Так возникает заколдованный круг нереализованных возможностей. Вынужденные – скорее обстоятельствами, чем привычкой – предпочитать скромные гарантии и невысокие доходы (таких 60–65 %) составляют массовую опору заколдованного круга и консервативной ностальгии. «Ограниченная» отдача (работа средней интенсивности) закрепляет ограниченность запросов. И отсюда – «достаточный» уровень фактической удовлетворенности людей своей работой, зарплатой, жизнью в целом. На словах, по данным опросов и согласно обыденным наблюдениям, доля людей, отмечающих, что их вполне или в основном «устраивает жизнь, которую они ведут», невелика – 3 % в 1994 г., но уже 18 % – в 2000 г. На деле же она гораздо больше, так как доля тех, кто реально рискует, стремясь изменить жизнь, то есть что-то предпринимающих в этом направлении, весьма мала.

Какие цели ставят перед собой современные семьи: выжить, пусть на самом примитивном уровне? Жить не хуже или лучше большинства сограждан? Жить так, как живет средняя семья в Западной Европе, США? Лучше, чем средняя семья на Западе?

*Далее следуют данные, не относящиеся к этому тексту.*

Lemma Kp_col_sqr_sum_le1 k M : rsum M (fun m => Kp a v m k ^ 2) <= 1.
Proof.
  set (e := fun j => if Nat.eqb j k then 1 else 0).
  assert (He : forall j, (j < k)%nat -> e j = 0).
  { intros j Hj; unfold e; rewrite (proj2 (Nat.eqb_neq j k)) by lia; reflexivity. }
  assert (Hek : e k = 1) by (unfold e; rewrite Nat.eqb_refl; reflexivity).
  assert (H := Kp_norm_le1_real e (S k) M); cbn [rsum] in H.
  rewrite (rsum_zero k (fun j => e j ^ 2)), Hek in H by
    (intros j Hj; rewrite He by exact Hj; ring).
  rewrite (rsum_ext M _ (fun m => Kp a v m k ^ 2)) in H; [lra |].
  intros m _; cbn [rsum].
  rewrite (rsum_zero k (fun j => Kp a v m j * e j)) by
    (intros j Hj; rewrite He by exact Hj; ring).
  ring.
Qed.

Lemma Kp_norm_le1_v_le1 n : Cmod (v n) <= 1.
Proof.
  assert (Kp a v n n ^ 2 <= 1).
  { apply Rle_trans with (rsum (S n) (fun m => Kp a v m n ^ 2)).
    - apply (rsum_term_le (S n) (fun m => Kp a v m n ^ 2)); [intros; apply pow2_ge_0 | lia].
    - apply Kp_col_sqr_sum_le1. }
  assert (Cmod (v n) * Cmod (v n) <= Kp a v n n ^ 2) by apply Kp_sqr_ge.
  assert (0 <= Cmod (v n)) by apply Cmod_ge_0.
  nra.
Qed.

Lemma Kp_norm_le1_v_summable : exists S, forall M, rsum M (fun m => Cmod (v m)) <= S.
Proof.
  destruct (classic (exists k, 0 < Cmod (v k))) as [[k Hk] | Hv0].
  - exists (/ Cmod (v k)); intros M.
    apply Rmult_le_reg_l with (Cmod (v k)); [exact Hk |].
    rewrite Rinv_r, <- rsum_scal by lra.
    apply Rle_trans with (rsum M (fun m => Kp a v m k ^ 2)); [| apply Kp_col_sqr_sum_le1].
    apply rsum_le; intros m _; rewrite Rmult_comm; apply Kp_sqr_ge.
  - exists 0; intros M.
    rewrite (rsum_ext M _ (fun _ => 0 * 0)), rsum_scal; [lra |].
    intros m _; assert (Hm0 : 0 <= Cmod (v m)) by apply Cmod_ge_0.
    destruct (Rle_lt_or_eq_dec _ _ Hm0) as [Hm | Hm]; [exfalso; eauto | lra].
Qed.

End KpBounds.

Lemma Re_mul_conj_le x y : Rabs (Re (y * Cconj x)) <= Cmod x * Cmod y.
Proof.
  eapply Rle_trans; [apply re_le_Cmod |].
  rewrite Cmod_mult, Cmod_conj; lra.
Qed.

Lemma mul_le_abs_mul w r b : Rabs r <= b -> w * r <= Rabs w * b.
Proof.
  intros Hr; eapply Rle_trans; [apply Rle_abs |].
  rewrite Rabs_mult; apply Rmult_le_compat_l; [apply Rabs_pos | exact Hr].
Qed.

Definition free_form (w : R) (x y : C) : R :=
  Cmod x ^ 2 + Cmod y ^ 2 - w * Re (y * Cconj x).

Lemma free_form_invariant w x y : free_form w y (RtoC w * y - x) = free_form w x y.
Proof.
  unfold free_form; rewrite !Cmod2_alt.
  destruct x as [x1 x2], y as [y1 y2]; unfold Re, Im; simpl; ring.
Qed.

Lemma free_form_sub_le w x y d :
  free_form w x (y - d) <= free_form w x y + Cmod d * (2 * Cmod y + Cmod d + Rabs w * Cmod x).
Proof.
  assert (E : free_form w x (y - d)
              = free_form w x y - 2 * Re (d * Cconj y) + Cmod d ^ 2 + w * Re (d * Cconj x)).
  { unfold free_form; rewrite !Cmod2_alt.
    destruct x as [x1 x2], y as [y1 y2], d as [d1 d2]; unfold Re, Im; simpl; ring. }
  assert (H1 := Re_mul_conj_le y d).
  assert (H2 := mul_le_abs_mul w _ _ (Re_mul_conj_le x d)).
  assert (- Re (d * Cconj y) <= Rabs (Re (d * Cconj y))) by (rewrite <- Rabs_Ropp; apply Rle_abs).
  rewrite E; nra.
Qed.

Lemma free_form_ge w x y : (1 - Rabs w / 2) * (Cmod x ^ 2 + Cmod y ^ 2) <= free_form w x y.
Proof.
  unfold free_form.
  assert (H := mul_le_abs_mul w _ _ (Re_mul_conj_le x y)).
  assert (0 <= Rabs w) by apply Rabs_pos.
  assert (0 <= (Cmod x - Cmod y) ^ 2) by apply pow2_ge_0.
  nra.
Qed.

Section FreeFormBounds.
Variable w : R.
Hypothesis Hw : Rabs w < 2.

Lemma free_form_le x y : free_form w x y <= 2 * (Cmod x ^ 2 + Cmod y ^ 2).
Proof.
  unfold free_form.
  assert (H := mul_le_abs_mul (- w) _ _ (Re_mul_conj_le x y)).
  rewrite Rabs_Ropp in H.
  assert (0 <= Rabs w) by apply Rabs_pos.
  assert (0 <= Cmod x * Cmod y) by (apply Rmult_le_pos; apply Cmod_ge_0).
  assert (0 <= (Cmod x - Cmod y) ^ 2) by apply pow2_ge_0.
  nra.
Qed.

Lemma free_form_step x y u : Cmod u <= 1 ->
  free_form w y (RtoC w * y - x - u * y)
  <= (1 + 8 / (1 - Rabs w / 2) * Cmod u) * free_form w x y.
Proof.
  intros Hu.
  set (c := 1 - Rabs w / 2); assert (Hc : 0 < c) by (unfold c; lra).
  eapply Rle_trans; [apply free_form_sub_le |]; rewrite free_form_invariant.
  assert (Hwy : Cmod (RtoC w * y - x) <= 2 * Cmod y + Cmod x).
  { unfold Cminus; eapply Rle_trans; [apply Cmod_triangle |].
    rewrite Cmod_opp, Cmod_mult, Cmod_R.
    assert (0 <= Cmod y) by apply Cmod_ge_0; nra. }
  assert (Hge := free_form_ge w x y); fold c in Hge.
  assert (0 <= Cmod x) by apply Cmod_ge_0.
  assert (0 <= Cmod y) by apply Cmod_ge_0.
  assert (0 <= Cmod u) by apply Cmod_ge_0.
  assert (0 <= Rabs w) by apply Rabs_pos.
  assert (Hpert : Cmod (u * y) * (2 * Cmod (RtoC w * y - x) + Cmod (u * y) + Rabs w * Cmod y)
               <= 8 * Cmod u * (Cmod x ^ 2 + Cmod y ^ 2)).
  { rewrite Cmod_mult.
    assert (0 <= (Cmod x - Cmod y) ^ 2) by apply pow2_ge_0.
    assert (Cmod u * Cmod y <= Cmod y) by nra.
    assert (Cmod u * Cmod y * (2 * Cmod (RtoC w * y - x) + Cmod u * Cmod y + Rabs w * Cmod y)
            <= Cmod u * Cmod y * (7 * Cmod y + 2 * Cmod x)).
    { apply Rmult_le_compat_l; [nra | nra]. }
    nra. }
  assert (8 * Cmod u * (Cmod x ^ 2 + Cmod y ^ 2) <= 8 / c * Cmod u * free_form w x y).
  { replace (8 / c * Cmod u * free_form w x y) with (8 * Cmod u * (free_form w x y / c))
      by (field; lra).
    apply Rmult_le_compat_l; [lra |].
    apply Rmult_le_reg_l with c; [exact Hc |]; field_simplify; lra. }
  lra.
Qed.

Lemma free_form_nonneg x y : 0 <= free_form w x y.
Proof.
  eapply Rle_trans; [| apply free_form_ge].
  apply Rmult_le_pos; [lra |]; apply Rplus_le_le_0_compat; apply pow2_ge_0.
Qed.

Lemma free_form_nonpos_eq_0 x y : free_form w x y <= 0 -> y = 0%C.
Proof.
  intros HQ.
  assert (Hge := free_form_ge w x y).
  assert (0 <= Cmod x ^ 2) by apply pow2_ge_0.
  assert (Cmod y ^ 2 <= 0) by nra.
  assert (0 <= Cmod y) by apply Cmod_ge_0.
  apply Cmod_eq_0; nra.
Qed.

Lemma free_form_l2_lim_0 psi : in_l2 psi -> is_lim_seq (fun n => free_form w (psi (S n)) (psi n)) 0.
Proof.
  intros Hl.
  assert (Hpsi : is_lim_seq (fun n => Cmod (psi n) ^ 2) 0) by (apply ex_series_lim_0, Hl).
  apply (is_lim_seq_le_le (fun _ => 0) _ (fun n => 2 * (Cmod (psi (S n)) ^ 2 + Cmod (psi n) ^ 2))).
  - intros n; split; [apply free_form_nonneg | apply free_form_le].
  - apply is_lim_seq_const.
  - replace (Finite 0) with (Finite (2 * (0 + 0))) by (f_equal; ring).
    apply is_lim_seq_mult'; [apply is_lim_seq_const |].
    apply is_lim_seq_plus'; [apply (is_lim_seq_incr_1 (fun n => Cmod (psi n) ^ 2)) |]; exact Hpsi.
Qed.

End FreeFormBounds.

Lemma le_exp_rsum_mul (Q α : nat -> R) :
  (forall n, 0 <= Q n) -> (forall n, Q n <= (1 + α n) * Q (S n)) ->
  forall N t, Q N <= exp (rsum t (fun i => α (N + i)%nat)) * Q (N + t)%nat.
Proof.
  intros HQ Hstep N t; induction t as [|t IH].
  - rewrite Nat.add_0_r; simpl; rewrite exp_0; lra.
  - eapply Rle_trans; [exact IH |]; simpl rsum; rewrite exp_plus, Rmult_assoc.
    apply Rmult_le_compat_l; [left; apply exp_pos |].
    rewrite Nat.add_succ_r.
    eapply Rle_trans; [apply Hstep |].
    apply Rmult_le_compat_r; [apply HQ | apply exp_ineq1_le].
Qed.

Lemma l2_solution_zero (w Sv : R) (v psi : nat -> C) :
  Rabs w < 2 -> (forall n, Cmod (v n) <= 1) ->
  (forall M, rsum M (fun m => Cmod (v m)) <= Sv) -> in_l2 psi ->
  (forall n, psi n + psi (S (S n)) + v (S n) * psi (S n) - RtoC w * psi (S n) = 0)%C ->
  forall n, psi n = 0%C.
Proof.
  intros Hw Hv HSv Hl Hrec.
  set (Q := fun n => free_form w (psi (S n)) (psi n)).
  set (C0 := 8 / (1 - Rabs w / 2)).
  assert (HC0 : 0 <= C0) by (apply Rdiv_le_0_compat; lra).
  assert (HQ0 : forall n, 0 <= Q n) by (intros n; apply free_form_nonneg, Hw).
  assert (Hstep : forall n, Q n <= (1 + C0 * Cmod (v (S n))) * Q (S n)).
  { intros n; unfold Q.
    replace (psi n) with (RtoC w * psi (S n) - psi (S (S n)) - v (S n) * psi (S n))%C.
    - apply free_form_step; auto.
    - transitivity (psi n - (psi n + psi (S (S n)) + v (S n) * psi (S n)
                             - RtoC w * psi (S n)))%C; [ring | rewrite Hrec; ring]. }
  set (E := exp (C0 * Sv)).
  assert (HE : forall N t, Q N <= E * Q (N + t)%nat).
  { intros N t; eapply Rle_trans; [apply (le_exp_rsum_mul Q _ HQ0 Hstep) |].
    apply Rmult_le_compat_r; [apply HQ0 |].
    assert (Hle : rsum t (fun i => C0 * Cmod (v (S (N + i)))) <= C0 * Sv).
    { assert (0 <= rsum (S N) (fun m => Cmod (v m)))
        by (apply rsum_nonneg; intros; apply Cmod_ge_0).
      assert (Htail := HSv (S N + t)%nat); rewrite rsum_add_range in Htail; cbn [Nat.add] in Htail.
      rewrite rsum_scal; apply Rmult_le_compat_l; lra. }
    unfold E.
    destruct (Rle_lt_or_eq_dec _ _ Hle) as [Hlt | ->]; [left; apply exp_increasing | ]; lra. }
  intros N; apply (free_form_nonpos_eq_0 w Hw (psi (S N))).
  apply (le_0_of_le_lim_0 _ (fun t => E * Q (t + N)%nat)).
  - replace 0 with (E * 0) by ring.
    apply is_lim_seq_mult'; [apply is_lim_seq_const |].
    apply (is_lim_seq_incr_n Q), free_form_l2_lim_0; assumption.
  - intros t; rewrite Nat.add_comm; apply HE.
Qed.

Definition delta0 (n : nat) : C := match n with O => 1%C | S _ => 0%C end.

Lemma delta0_in_l2 : in_l2 delta0.
Proof.
  apply ex_series_ext with (a := fun n => 0 ^ n).
  - intros [|n]; simpl; [rewrite Cmod_1 | rewrite Cmod_0]; ring.
  - apply ex_series_geom; rewrite Rabs_R0; lra.
Qed.

Section RealInterval.
Variables (a : R) (v : nat -> C).
Hypothesis Hv : forall n, Cmod (v n) <= 1.
Hypothesis Hsum : exists Sv, forall M, rsum M (fun m => Cmod (v m)) <= Sv.

Lemma JV_interval_in_spectrum (w : R) : Rabs w < 2 -> in_spectrum (JV a v) (RtoC w).
Proof.
  intros Hw Hres.
  destruct Hsum as [Sv HSv].
  destruct (Hres delta0 delta0_in_l2) as [psi [[Hl _] [Heq _]]].
  assert (Hpsi := l2_solution_zero w Sv v psi Hw Hv HSv Hl (fun n => Heq (S n))).
  assert (E := Heq O); unfold shift_op, JV in E; rewrite !Hpsi in E.
  apply (f_equal fst) in E; simpl in E; lra.
Qed.

Lemma JV_interval_not_isolated (x : R) : -2 <= x <= 2 -> ~ isolated_in_spectrum (JV a v) (x, 0).
Proof.
  intros Hx [_ [eps [Heps Hres]]].
  set (d := Rmin (eps / 2) 1).
  assert (0 < d) by (apply Rmin_glb_lt; lra).
  assert (d <= eps / 2) by apply Rmin_l.
  assert (d <= 1) by apply Rmin_r.
  set (w := if Rle_dec 0 x then x - d else x + d).
  assert (Hw : Rabs w < 2 /\ Rabs (w - x) = d).
  { unfold w; destruct (Rle_dec 0 x); split.
    - apply Rabs_def1; lra.
    - replace (x - d - x) with (- d) by ring; rewrite Rabs_Ropp; apply Rabs_right; lra.
    - apply Rabs_def1; lra.
    - replace (x + d - x) with d by ring; apply Rabs_right; lra. }
  apply (JV_interval_in_spectrum w); [apply Hw |].
  apply Hres.
  replace (Cminus (RtoC w) (x, 0)) with (RtoC (w - x))
    by (unfold RtoC, Cminus, Cplus, Copp; simpl; f_equal; ring).
  rewrite Cmod_R; lra.
Qed.

End RealInterval.

Lemma C_sqrt_exists (d : C) : exists s : C, (s * s)%C = d.
Proof.
  destruct d as [x y].
  set (m := sqrt (x ^ 2 + y ^ 2)).
  assert (Hm2 : m * m = x ^ 2 + y ^ 2) by (apply sqrt_sqrt; nra).
  assert (Hm0 : 0 <= m) by apply sqrt_pos.
  assert (Hxm : - m <= x <= m) by (split; nra).
  set (p := sqrt ((m + x) / 2)); set (q := sqrt ((m - x) / 2)).
  assert (Hp : p * p = (m + x) / 2) by (apply sqrt_sqrt; lra).
  assert (Hq : q * q = (m - x) / 2) by (apply sqrt_sqrt; lra).
  assert (Hpq : p * q = Rabs y / 2).
  { unfold p, q; rewrite <- sqrt_mult by lra.
    replace ((m + x) / 2 * ((m - x) / 2)) with ((Rabs y / 2) ^ 2).
    - apply sqrt_pow2; assert (0 <= Rabs y) by apply Rabs_pos; lra.
    - replace ((Rabs y / 2) ^ 2) with (Rabs y ^ 2 / 4) by field.
      rewrite pow2_abs; nra. }
  destruct (Rle_or_lt 0 y) as [Hy | Hy].
  - exists (p, q); rewrite Rabs_right in Hpq by lra.
    unfold Cmult; simpl; f_equal; nra.
  - exists (p, - q); rewrite Rabs_left in Hpq by lra.
    unfold Cmult; simpl; f_equal; nra.
Qed.

Lemma joukowski_inverse (z : C) : exists k : C, k <> 0%C /\ Cmod k <= 1 /\ z = (k + / k)%C.
Proof.
  assert (Htwo : RtoC 2 <> 0%C) by (intros E; injection E; lra).
  destruct (C_sqrt_exists (z * z - 4)) as [s Hs].
  assert (Hroots : forall k k', (k * k')%C = 1 -> (k + k')%C = z -> Cmod k <= 1 ->
                                exists k : C, k <> 0%C /\ Cmod k <= 1 /\ z = (k + / k)%C).
  { intros k k' Hkk' Hz Hk; exists k.
    assert (Hk0 : k <> 0%C) by (intros ->; rewrite Cmult_0_l in Hkk'; injection Hkk'; lra).
    split; [exact Hk0 | split; [exact Hk |]].
    rewrite <- Hz; f_equal.
    rewrite <- (Cmult_1_l k'), <- (Cinv_l k Hk0), <- Cmult_assoc, Hkk'; ring. }
  set (k1 := ((z + s) / 2)%C); set (k2 := ((z - s) / 2)%C).
  assert (Hprod : (k1 * k2)%C = 1).
  { unfold k1, k2.
    replace ((z + s) / 2 * ((z - s) / 2))%C with ((z * z - s * s) / 4)%C
      by (field; exact Htwo).
    rewrite Hs; field; intros E; injection E; lra. }
  assert (Hsum : (k1 + k2)%C = z) by (unfold k1, k2; field; exact Htwo).
  assert (Hmod := f_equal Cmod Hprod); rewrite Cmod_mult, Cmod_1 in Hmod.
  destruct (Rle_or_lt (Cmod k1) 1) as [Hk1 | Hk1].
  - exact (Hroots k1 k2 Hprod Hsum Hk1).
  - apply (Hroots k2 k1); [rewrite Cmult_comm; exact Hprod | rewrite Cplus_comm; exact Hsum |].
    assert (0 <= Cmod k2) by apply Cmod_ge_0; nra.
Qed.

Lemma joukowski_unit_circle (k : C) : Cmod k = 1 ->
  exists x, -2 <= x <= 2 /\ (k + / k)%C = (x, 0).
Proof.
  intros Hk; assert (Hk2 := Cmod2_alt k); rewrite Hk in Hk2.
  destruct k as [x y]; unfold Re, Im in Hk2; simpl in Hk2.
  exists (2 * x); split; [nra |].
  unfold Cinv, Cplus; simpl.
  replace (x * (x * 1) + y * (y * 1)) with 1 by nra.
  f_equal; field.
Qed.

Несколько последних лет варианты распределяются весьма стабильно. Около половины хотят жить просто не хуже окружающих; каждый пятый (пенсионеры, люди с низким образованием, из мелких поселений) ориентирован на выживание. На западные образцы равняются, наоборот, самые молодые, образованные, жители крупных городов.

Удивительно другое: и предприниматели, и руководители, и служащие нередко сводят свои цели к выживанию, как и пенсионеры; видимо, они вкладывают в это понятие разные смыслы. И еще: предельными амбициями отличаются вовсе не предприниматели, как можно было бы ожидать (только 3 % из них хотели бы «жить лучше западных семей»), а руководители (почти каждый десятый).

По тому, как люди оценивают свой социальный статус и материальное положение, можно выделить достаточно резко обособленные три группы: высшую (8 %), среднюю (60 %) и низшую (32 %). Средний статус наиболее динамичен (наибольшие ожидания перемен, в основном к лучшему) и все последние годы остается доминирующим. Только не следует забывать: речь идет о субъективной оценке движения статусов, масштабах и устойчивости ориентации на «средний уровень». Это никоим образом не «средний класс» или «средний слой», это просто определенный тип самой массовой ориентации, сводящейся к стремлению быть «как все» или «не хуже других».

Стремление повысить свой общественный или потребительский статус обычно предполагает не просто отталкивание от «середины», но равнение на некоторый повышенный образец (интересов, благосостояния и т. д.). Носители такого образца – либо отечественная элита, либо – особенно когда происходит модернизация – влиятельная западная «середина».

Наша элита не способна задать образцы, которые были бы востребованы обществом, прежде всего потому, что она (по крайней мере ее массовая часть – «социальная элита») действует в том же «заколдованном круге», что и общество в целом. А элита «высокая» (оторвавшаяся от среднего уровня по претензиям, возможностям и доступу к благам) уже по одному этому положению вызывает скорее массовое раздражение, чем желание следовать ее образу жизни. А когда такое раздражение еще и подпитывается, и прямо организуется властью, оно довольно легко переходит в агрессию против «новых русских», «олигархов», «расхитителей народного достояния». Агрессивный популизм всегда служил надежной опорой и питательной средой для авторитарных режимов. Развитие ситуации на российской политической сцене в последнее время это еще раз подтверждает.

Богатым завидует большинство (и само признает это в опросах). Казалось бы, это нормально. Но какая именно зависть? Ближе всего к богатству как предмету зависти по частоте упоминаний оказывается удача, а дальше – высокий статус. Можно полагать, что перед нами скорее «зрительская», чем деятельная («белая») зависть. И почему-то очень редко завидуют умным, сильным или свободным, независимым – должно быть, тоже потому, что это деятельные ценности. А «зрительская» зависть легко превращается в агрессивную, «черную».

Достаточно чуть изменить формулировку вопроса (например, добавить нечто, заведомо не вызывающее симпатии: «недавно разбогатевшие» и «во главе банков, фирм»…), и зависть попадает в ряд с резко негативными оценками: каждый второй скажет, что эти люди вызывают раздражение, гнев, возмущение.